_ASSIGNED TASK_
Copy all entries exactly.

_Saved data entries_
==========
(* Let $m,n\geq2$, let $\mathbf p\in\mathbb R^m$, $\mathbf q\in\mathbb R^n$ be probability vectors with all entries strictly positive, and let $\Psi$ be strict Schur-concave on $\mathcal C(\mathbf p,\mathbf q)$. Let $P\in\mathcal C(\mathbf p,\mathbf q)$, and let $A=(a_{s,t})_{2\times2}$ with $a_{s,t}=p_{i_s,j_t}$ be a $2\times2$ submatrix of $P$ (distinct rows $i_1,i_2$, distinct columns $j_1,j_2$) with $\max(a_{1,1},a_{2,2})\geq\max(a_{1,2},a_{2,1})$. Let $b=\min(a_{1,2},a_{2,1})$, let $A'$ have entries $a'_{s,s}=a_{s,s}+b$ ($s=1,2$), $a'_{1,2}=a_{1,2}-b$, $a'_{2,1}=a_{2,1}-b$, and let $P'$ be obtained from $P$ by replacing $A$ with $A'$. Then $P'\in\mathcal C(\mathbf p,\mathbf q)$ and, as vectors in $\mathbb R^{mn}$, $P\preceq P'$, hence $\Psi(P')\leq\Psi(P)$. In particular, if $b>0$ then $P\prec P'$ and $\Psi(P')<\Psi(P)$.
   Context: $\mathcal C(\mathbf p,\mathbf q)$: nonnegative $m\times n$ matrices with row sums $p_i$, column sums $q_j$, viewed as vectors in $\mathbb R^{mn}$. Majorization: for $x,y\in\mathbb R^N$ with decreasing rearrangements $\bar x,\bar y$ and $F_{\bar x}(i)=\sum_{k\le i}\bar x_k$, $x\preceq y$ if $F_{\bar x}(i)\le F_{\bar y}(i)$ for $1\le i<N$ and $F_{\bar x}(N)=F_{\bar y}(N)$; $x\prec y$ if moreover strict inequality holds for some $i<N$. $\Psi$ (symmetric) is strict Schur-concave if $x\preceq y$ implies $\Psi(x)\ge\Psi(y)$ and $x\prec y$ implies $\Psi(x)>\Psi(y)$. *)

From HB Require Import structures.
From mathcomp Require Import all_boot all_order all_algebra.
Set Implicit Arguments. Unset Strict Implicit. Unset Printing Implicit Defensive.
Import Order.TTheory GRing.Theory Num.Theory.
Local Open Scope ring_scope.

Definition transport_poly (R : realFieldType) (m n : nat)
  (p : 'I_m -> R) (q : 'I_n -> R) (P : 'M[R]_(m, n)) : Prop :=
  (forall i j, 0 <= P i j) /\
  (forall i, \sum_(j < n) P i j = p i) /\
  (forall j, \sum_(i < m) P i j = q j).

Definition entries (R : realFieldType) (N : nat) (x : 'rV[R]_N) : seq R :=
  [seq x 0 k | k <- enum 'I_N].

Definition decr (R : realFieldType) (N : nat) (x : 'rV[R]_N) : seq R :=
  sort (fun a b : R => b <= a) (entries x).

Definition Fbar (R : realFieldType) (N : nat) (x : 'rV[R]_N) (i : nat) : R :=
  \sum_(k < i) nth 0 (decr x) k.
==========
_EXPECTED OUTPUT_
(* Let $m,n\geq2$, let $\mathbf p\in\mathbb R^m$, $\mathbf q\in\mathbb R^n$ be probability vectors with all entries strictly positive, and let $\Psi$ be strict Schur-concave on $\mathcal C(\mathbf p,\mathbf q)$. Let $P\in\mathcal C(\mathbf p,\mathbf q)$, and let $A=(a_{s,t})_{2\times2}$ with $a_{s,t}=p_{i_s,j_t}$ be a $2\times2$ submatrix of $P$ (distinct rows $i_1,i_2$, distinct columns $j_1,j_2$) with $\max(a_{1,1},a_{2,2})\geq\max(a_{1,2},a_{2,1})$. Let $b=\min(a_{1,2},a_{2,1})$, let $A'$ have entries $a'_{s,s}=a_{s,s}+b$ ($s=1,2$), $a'_{1,2}=a_{1,2}-b$, $a'_{2,1}=a_{2,1}-b$, and let $P'$ be obtained from $P$ by replacing $A$ with $A'$. Then $P'\in\mathcal C(\mathbf p,\mathbf q)$ and, as vectors in $\mathbb R^{mn}$, $P\preceq P'$, hence $\Psi(P')\leq\Psi(P)$. In particular, if $b>0$ then $P\prec P'$ and $\Psi(P')<\Psi(P)$.
   Context: $\mathcal C(\mathbf p,\mathbf q)$: nonnegative $m\times n$ matrices with row sums $p_i$, column sums $q_j$, viewed as vectors in $\mathbb R^{mn}$. Majorization: for $x,y\in\mathbb R^N$ with decreasing rearrangements $\bar x,\bar y$ and $F_{\bar x}(i)=\sum_{k\le i}\bar x_k$, $x\preceq y$ if $F_{\bar x}(i)\le F_{\bar y}(i)$ for $1\le i<N$ and $F_{\bar x}(N)=F_{\bar y}(N)$; $x\prec y$ if moreover strict inequality holds for some $i<N$. $\Psi$ (symmetric) is strict Schur-concave if $x\preceq y$ implies $\Psi(x)\ge\Psi(y)$ and $x\prec y$ implies $\Psi(x)>\Psi(y)$. *)

From HB Require Import structures.
From mathcomp Require Import all_boot all_order all_algebra.
Set Implicit Arguments. Unset Strict Implicit. Unset Printing Implicit Defensive.
Import Order.TTheory GRing.Theory Num.Theory.
Local Open Scope ring_scope.

Definition transport_poly (R : realFieldType) (m n : nat)
  (p : 'I_m -> R) (q : 'I_n -> R) (P : 'M[R]_(m, n)) : Prop :=
  (forall i j, 0 <= P i j) /\
  (forall i, \sum_(j < n) P i j = p i) /\
  (forall j, \sum_(i < m) P i j = q j).

Definition entries (R : realFieldType) (N : nat) (x : 'rV[R]_N) : seq R :=
  [seq x 0 k | k <- enum 'I_N].

Definition decr (R : realFieldType) (N : nat) (x : 'rV[R]_N) : seq R :=
  sort (fun a b : R => b <= a) (entries x).

Definition Fbar (R : realFieldType) (N : nat) (x : 'rV[R]_N) (i : nat) : R :=
  \sum_(k < i) nth 0 (decr x) k.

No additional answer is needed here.